*Collected data entries*:
———

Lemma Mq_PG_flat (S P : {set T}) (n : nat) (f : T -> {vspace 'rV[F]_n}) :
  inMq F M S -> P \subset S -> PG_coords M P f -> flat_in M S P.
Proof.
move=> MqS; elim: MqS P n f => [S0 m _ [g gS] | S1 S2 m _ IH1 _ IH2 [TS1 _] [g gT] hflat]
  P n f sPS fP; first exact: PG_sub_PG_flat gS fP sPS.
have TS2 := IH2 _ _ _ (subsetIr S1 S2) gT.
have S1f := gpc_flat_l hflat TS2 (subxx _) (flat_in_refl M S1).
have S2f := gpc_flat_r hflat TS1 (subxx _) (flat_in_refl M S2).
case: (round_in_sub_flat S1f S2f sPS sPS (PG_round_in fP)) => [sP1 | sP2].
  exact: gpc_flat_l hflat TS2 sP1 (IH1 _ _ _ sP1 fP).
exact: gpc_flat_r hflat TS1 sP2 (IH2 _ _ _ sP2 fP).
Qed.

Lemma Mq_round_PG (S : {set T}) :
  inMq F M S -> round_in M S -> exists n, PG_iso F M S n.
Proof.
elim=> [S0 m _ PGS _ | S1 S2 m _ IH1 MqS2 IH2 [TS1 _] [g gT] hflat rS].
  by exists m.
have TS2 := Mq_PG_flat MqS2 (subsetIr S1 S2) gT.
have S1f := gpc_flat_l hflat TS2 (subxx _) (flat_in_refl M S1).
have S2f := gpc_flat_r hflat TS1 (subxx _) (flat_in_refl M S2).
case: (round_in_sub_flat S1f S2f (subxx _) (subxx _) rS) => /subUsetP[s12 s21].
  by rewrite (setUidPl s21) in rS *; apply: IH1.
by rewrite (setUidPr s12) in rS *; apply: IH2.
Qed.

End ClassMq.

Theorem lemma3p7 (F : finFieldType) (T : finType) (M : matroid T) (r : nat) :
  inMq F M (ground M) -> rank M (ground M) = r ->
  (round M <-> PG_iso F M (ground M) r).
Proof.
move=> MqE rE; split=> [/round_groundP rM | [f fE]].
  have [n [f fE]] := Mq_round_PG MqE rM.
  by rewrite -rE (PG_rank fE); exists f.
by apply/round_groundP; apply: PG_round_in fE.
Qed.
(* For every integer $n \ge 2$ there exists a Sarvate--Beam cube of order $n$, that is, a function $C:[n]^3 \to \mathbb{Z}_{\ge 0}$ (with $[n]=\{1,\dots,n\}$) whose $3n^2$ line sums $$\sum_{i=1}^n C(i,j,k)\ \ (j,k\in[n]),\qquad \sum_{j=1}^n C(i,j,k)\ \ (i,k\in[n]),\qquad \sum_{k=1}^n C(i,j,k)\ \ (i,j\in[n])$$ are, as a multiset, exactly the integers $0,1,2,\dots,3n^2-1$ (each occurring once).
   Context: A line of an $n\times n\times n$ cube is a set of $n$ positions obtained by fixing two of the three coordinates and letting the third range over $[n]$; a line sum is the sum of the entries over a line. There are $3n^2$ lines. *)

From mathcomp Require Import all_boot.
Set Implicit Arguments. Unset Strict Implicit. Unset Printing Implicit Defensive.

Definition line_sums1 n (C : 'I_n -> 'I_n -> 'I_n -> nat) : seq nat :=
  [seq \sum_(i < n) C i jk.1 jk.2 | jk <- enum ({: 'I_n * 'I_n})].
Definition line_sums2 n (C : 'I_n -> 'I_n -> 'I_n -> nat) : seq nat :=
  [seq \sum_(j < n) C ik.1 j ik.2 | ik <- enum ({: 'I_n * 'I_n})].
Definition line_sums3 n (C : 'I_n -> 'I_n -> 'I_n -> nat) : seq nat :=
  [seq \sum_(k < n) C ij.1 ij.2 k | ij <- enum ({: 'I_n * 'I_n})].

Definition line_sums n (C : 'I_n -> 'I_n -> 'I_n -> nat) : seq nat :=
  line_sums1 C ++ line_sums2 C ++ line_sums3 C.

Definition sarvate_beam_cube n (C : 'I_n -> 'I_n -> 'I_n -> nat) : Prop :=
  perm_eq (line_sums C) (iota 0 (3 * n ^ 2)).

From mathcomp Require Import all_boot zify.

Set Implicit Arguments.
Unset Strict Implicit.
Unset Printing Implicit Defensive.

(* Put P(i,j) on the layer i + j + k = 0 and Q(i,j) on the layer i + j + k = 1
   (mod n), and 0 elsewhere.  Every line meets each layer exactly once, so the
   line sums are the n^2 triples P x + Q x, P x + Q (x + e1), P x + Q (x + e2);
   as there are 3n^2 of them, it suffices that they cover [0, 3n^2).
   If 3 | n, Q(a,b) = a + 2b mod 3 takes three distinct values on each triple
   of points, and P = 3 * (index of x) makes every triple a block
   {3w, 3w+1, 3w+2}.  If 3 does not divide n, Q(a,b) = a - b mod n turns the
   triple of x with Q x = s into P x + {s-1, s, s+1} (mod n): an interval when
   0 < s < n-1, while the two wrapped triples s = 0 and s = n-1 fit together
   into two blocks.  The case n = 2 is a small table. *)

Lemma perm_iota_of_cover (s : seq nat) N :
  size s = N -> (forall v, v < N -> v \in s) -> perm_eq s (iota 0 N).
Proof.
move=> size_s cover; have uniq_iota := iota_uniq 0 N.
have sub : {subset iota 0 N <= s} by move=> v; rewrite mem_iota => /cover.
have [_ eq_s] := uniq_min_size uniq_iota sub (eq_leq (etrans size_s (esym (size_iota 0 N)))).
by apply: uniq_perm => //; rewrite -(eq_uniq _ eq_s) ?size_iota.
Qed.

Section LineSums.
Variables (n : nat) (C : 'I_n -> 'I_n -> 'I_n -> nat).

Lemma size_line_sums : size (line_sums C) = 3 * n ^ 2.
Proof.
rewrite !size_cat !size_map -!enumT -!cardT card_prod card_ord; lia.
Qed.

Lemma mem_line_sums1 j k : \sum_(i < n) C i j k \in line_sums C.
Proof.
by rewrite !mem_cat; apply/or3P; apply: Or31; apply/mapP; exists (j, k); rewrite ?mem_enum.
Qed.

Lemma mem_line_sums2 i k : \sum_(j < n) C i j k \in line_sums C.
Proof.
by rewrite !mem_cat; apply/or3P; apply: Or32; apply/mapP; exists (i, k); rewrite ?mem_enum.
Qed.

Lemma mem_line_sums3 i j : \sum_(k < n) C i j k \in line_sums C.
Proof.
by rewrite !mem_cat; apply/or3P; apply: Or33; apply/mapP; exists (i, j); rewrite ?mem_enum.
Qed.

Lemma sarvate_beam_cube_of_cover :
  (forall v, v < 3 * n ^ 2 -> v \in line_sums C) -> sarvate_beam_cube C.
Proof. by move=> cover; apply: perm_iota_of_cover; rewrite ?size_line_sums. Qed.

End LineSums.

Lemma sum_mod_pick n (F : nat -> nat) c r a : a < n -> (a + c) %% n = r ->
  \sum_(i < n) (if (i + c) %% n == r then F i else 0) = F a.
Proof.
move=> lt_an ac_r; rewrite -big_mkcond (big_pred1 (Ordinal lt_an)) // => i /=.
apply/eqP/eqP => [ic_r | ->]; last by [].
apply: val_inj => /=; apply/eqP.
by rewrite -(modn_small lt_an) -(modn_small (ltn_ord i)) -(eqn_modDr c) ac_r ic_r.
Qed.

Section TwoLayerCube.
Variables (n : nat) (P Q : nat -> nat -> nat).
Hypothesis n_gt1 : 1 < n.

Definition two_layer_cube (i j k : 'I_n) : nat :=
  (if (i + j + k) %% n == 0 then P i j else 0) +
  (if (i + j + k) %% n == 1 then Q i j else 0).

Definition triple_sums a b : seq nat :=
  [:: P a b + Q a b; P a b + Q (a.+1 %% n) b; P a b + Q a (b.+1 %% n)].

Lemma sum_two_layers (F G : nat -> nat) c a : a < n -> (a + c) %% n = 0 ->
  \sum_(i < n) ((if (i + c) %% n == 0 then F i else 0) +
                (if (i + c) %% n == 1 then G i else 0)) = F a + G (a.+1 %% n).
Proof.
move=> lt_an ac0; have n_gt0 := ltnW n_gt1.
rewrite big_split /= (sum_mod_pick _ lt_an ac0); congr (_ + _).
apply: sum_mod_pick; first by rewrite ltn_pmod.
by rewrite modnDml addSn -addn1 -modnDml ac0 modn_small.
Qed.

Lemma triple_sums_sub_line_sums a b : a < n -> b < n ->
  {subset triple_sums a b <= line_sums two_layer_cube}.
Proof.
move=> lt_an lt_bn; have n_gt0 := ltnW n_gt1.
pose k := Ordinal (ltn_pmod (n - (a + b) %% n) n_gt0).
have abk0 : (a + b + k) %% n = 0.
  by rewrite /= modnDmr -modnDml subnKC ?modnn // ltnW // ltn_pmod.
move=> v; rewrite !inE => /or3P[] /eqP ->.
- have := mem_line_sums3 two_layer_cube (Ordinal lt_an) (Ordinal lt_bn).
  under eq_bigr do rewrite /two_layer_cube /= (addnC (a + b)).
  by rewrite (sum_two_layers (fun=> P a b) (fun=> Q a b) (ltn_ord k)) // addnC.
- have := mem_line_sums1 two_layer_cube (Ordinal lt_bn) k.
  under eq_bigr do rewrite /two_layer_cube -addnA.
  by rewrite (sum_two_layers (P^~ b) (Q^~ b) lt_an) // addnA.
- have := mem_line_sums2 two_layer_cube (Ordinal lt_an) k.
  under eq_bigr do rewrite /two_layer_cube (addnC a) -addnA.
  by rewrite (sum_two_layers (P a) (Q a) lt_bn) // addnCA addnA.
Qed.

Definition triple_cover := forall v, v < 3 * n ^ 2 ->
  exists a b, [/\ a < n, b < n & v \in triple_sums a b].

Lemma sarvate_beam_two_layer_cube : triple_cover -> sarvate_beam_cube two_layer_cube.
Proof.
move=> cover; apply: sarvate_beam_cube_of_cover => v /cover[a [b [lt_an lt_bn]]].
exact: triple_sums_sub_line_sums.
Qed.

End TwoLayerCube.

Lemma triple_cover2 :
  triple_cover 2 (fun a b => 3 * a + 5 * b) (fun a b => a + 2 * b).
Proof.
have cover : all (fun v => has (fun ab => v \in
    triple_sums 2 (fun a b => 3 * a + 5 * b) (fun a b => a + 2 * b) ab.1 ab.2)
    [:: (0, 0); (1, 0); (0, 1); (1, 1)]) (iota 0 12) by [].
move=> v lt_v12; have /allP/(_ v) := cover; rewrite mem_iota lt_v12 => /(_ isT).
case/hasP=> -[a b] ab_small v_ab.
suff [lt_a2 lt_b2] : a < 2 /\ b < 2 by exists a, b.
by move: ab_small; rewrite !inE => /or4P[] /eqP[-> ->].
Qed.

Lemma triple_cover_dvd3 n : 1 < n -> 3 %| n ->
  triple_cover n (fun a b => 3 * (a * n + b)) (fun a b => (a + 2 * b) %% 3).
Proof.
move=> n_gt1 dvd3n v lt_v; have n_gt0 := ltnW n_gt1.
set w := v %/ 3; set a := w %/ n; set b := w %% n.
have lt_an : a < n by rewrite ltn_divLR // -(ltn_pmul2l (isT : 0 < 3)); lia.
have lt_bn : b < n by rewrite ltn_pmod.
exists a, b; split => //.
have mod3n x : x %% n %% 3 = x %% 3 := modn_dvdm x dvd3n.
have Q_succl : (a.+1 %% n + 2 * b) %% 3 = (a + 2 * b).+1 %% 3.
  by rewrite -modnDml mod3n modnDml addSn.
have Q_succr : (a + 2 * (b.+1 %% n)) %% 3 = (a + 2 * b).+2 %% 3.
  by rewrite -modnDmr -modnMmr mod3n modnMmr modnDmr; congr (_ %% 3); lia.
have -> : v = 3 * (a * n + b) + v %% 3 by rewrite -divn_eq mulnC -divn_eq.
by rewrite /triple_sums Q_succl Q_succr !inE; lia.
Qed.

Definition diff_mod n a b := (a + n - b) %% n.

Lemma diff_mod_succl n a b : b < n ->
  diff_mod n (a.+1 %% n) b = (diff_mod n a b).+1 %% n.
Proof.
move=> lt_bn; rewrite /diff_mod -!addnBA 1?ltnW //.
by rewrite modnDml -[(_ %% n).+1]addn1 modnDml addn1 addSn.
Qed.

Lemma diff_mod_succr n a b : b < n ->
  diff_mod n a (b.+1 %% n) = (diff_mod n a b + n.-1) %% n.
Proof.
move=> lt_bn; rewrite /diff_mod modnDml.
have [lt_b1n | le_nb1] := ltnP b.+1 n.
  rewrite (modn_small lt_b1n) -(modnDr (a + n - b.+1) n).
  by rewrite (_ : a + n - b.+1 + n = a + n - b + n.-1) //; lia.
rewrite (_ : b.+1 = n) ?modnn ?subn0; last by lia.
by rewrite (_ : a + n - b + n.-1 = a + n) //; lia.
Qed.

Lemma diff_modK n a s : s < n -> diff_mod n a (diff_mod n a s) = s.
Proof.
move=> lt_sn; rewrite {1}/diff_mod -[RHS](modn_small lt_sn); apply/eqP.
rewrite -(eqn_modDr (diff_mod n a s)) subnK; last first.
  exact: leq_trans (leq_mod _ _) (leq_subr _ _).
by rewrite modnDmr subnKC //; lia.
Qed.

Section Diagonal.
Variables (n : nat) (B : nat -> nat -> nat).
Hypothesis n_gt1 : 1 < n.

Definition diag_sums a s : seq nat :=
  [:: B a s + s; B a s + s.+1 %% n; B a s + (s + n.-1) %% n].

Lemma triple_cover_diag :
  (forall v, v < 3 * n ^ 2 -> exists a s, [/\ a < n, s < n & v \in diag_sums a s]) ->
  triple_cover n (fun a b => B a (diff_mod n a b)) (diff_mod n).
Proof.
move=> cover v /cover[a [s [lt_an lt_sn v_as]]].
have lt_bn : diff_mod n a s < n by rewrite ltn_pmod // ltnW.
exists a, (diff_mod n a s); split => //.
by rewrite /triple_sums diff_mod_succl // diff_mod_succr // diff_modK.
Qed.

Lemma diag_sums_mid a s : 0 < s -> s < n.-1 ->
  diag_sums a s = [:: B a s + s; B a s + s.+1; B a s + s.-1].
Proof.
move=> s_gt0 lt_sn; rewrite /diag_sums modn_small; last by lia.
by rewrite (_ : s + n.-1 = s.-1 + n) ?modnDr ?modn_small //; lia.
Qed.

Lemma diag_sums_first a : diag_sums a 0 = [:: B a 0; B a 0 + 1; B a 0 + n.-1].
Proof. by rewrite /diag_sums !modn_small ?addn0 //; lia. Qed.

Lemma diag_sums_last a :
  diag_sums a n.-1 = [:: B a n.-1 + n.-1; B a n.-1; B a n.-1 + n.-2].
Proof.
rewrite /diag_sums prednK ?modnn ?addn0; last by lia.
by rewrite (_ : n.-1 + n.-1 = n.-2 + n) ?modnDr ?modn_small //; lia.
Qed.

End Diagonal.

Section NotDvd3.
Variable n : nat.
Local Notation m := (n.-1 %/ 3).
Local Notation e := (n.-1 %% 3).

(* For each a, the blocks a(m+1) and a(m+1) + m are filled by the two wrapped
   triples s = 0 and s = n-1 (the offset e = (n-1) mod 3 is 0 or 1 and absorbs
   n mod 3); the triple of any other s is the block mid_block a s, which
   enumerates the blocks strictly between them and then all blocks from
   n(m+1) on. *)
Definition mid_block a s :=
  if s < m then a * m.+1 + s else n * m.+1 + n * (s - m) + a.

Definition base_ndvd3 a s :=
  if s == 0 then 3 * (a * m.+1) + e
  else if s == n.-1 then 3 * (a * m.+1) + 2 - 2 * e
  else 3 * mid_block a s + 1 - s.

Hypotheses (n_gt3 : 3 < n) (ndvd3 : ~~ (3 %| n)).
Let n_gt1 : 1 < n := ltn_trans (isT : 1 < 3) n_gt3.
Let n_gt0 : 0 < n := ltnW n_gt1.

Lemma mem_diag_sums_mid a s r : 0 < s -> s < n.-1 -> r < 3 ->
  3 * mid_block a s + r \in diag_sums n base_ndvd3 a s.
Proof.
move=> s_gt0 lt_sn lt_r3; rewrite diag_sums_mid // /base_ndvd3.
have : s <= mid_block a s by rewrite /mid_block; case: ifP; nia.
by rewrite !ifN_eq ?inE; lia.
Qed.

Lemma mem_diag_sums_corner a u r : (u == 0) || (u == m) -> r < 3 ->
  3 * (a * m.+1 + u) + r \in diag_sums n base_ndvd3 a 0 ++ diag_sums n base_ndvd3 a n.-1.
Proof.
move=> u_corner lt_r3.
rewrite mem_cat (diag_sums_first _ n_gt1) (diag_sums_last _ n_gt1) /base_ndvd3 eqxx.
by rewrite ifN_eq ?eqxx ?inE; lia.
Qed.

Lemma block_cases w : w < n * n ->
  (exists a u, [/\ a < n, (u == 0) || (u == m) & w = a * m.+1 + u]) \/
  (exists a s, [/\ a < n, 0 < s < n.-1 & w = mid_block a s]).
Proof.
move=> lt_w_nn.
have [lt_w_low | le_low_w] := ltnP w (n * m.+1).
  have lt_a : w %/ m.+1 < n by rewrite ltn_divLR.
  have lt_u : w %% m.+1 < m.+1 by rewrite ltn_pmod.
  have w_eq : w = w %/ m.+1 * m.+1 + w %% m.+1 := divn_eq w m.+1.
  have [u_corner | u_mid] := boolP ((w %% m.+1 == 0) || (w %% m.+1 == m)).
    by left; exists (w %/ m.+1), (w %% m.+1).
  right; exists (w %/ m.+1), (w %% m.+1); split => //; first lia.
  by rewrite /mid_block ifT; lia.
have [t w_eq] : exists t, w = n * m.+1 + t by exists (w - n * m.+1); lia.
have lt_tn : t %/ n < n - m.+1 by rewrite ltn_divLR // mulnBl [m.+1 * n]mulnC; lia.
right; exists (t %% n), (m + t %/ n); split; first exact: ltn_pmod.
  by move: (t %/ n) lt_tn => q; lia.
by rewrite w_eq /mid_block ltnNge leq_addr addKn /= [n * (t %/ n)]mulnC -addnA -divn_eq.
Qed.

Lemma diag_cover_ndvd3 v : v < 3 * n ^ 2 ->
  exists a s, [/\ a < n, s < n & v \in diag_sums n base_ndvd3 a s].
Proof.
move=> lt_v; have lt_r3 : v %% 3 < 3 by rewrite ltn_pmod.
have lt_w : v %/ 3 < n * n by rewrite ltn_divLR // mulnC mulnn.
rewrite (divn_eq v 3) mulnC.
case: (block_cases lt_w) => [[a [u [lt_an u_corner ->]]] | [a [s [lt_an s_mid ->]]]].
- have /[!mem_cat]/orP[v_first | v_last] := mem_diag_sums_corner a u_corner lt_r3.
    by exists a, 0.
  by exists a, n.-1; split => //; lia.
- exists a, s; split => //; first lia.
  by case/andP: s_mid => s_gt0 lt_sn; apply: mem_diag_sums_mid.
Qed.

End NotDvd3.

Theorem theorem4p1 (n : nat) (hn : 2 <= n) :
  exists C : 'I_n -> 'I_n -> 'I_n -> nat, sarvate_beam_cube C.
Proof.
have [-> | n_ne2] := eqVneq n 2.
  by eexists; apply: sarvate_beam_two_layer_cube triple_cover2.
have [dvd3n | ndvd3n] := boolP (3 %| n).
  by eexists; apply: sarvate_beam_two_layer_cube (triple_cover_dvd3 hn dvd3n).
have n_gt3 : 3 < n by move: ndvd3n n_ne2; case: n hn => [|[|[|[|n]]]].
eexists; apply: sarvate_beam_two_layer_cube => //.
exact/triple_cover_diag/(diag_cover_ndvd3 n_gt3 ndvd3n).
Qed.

———

*WORK REQUIRED*: Nothing but the lines from the beginning of the records through the line with "case: (round_in_sub_flat S1f S2f sPS" should appear, each printed exactly.

*WRITTEN SOLUTION*:
Lemma Mq_PG_flat (S P : {set T}) (n : nat) (f : T -> {vspace 'rV[F]_n}) :
  inMq F M S -> P \subset S -> PG_coords M P f -> flat_in M S P.
Proof.
move=> MqS; elim: MqS P n f => [S0 m _ [g gS] | S1 S2 m _ IH1 _ IH2 [TS1 _] [g gT] hflat]
  P n f sPS fP; first exact: PG_sub_PG_flat gS fP sPS.
have TS2 := IH2 _ _ _ (subsetIr S1 S2) gT.
have S1f := gpc_flat_l hflat TS2 (subxx _) (flat_in_refl M S1).
have S2f := gpc_flat_r hflat TS1 (subxx _) (flat_in_refl M S2).
case: (round_in_sub_flat S1f S2f sPS sPS (PG_round_in fP)) => [sP1 | sP2].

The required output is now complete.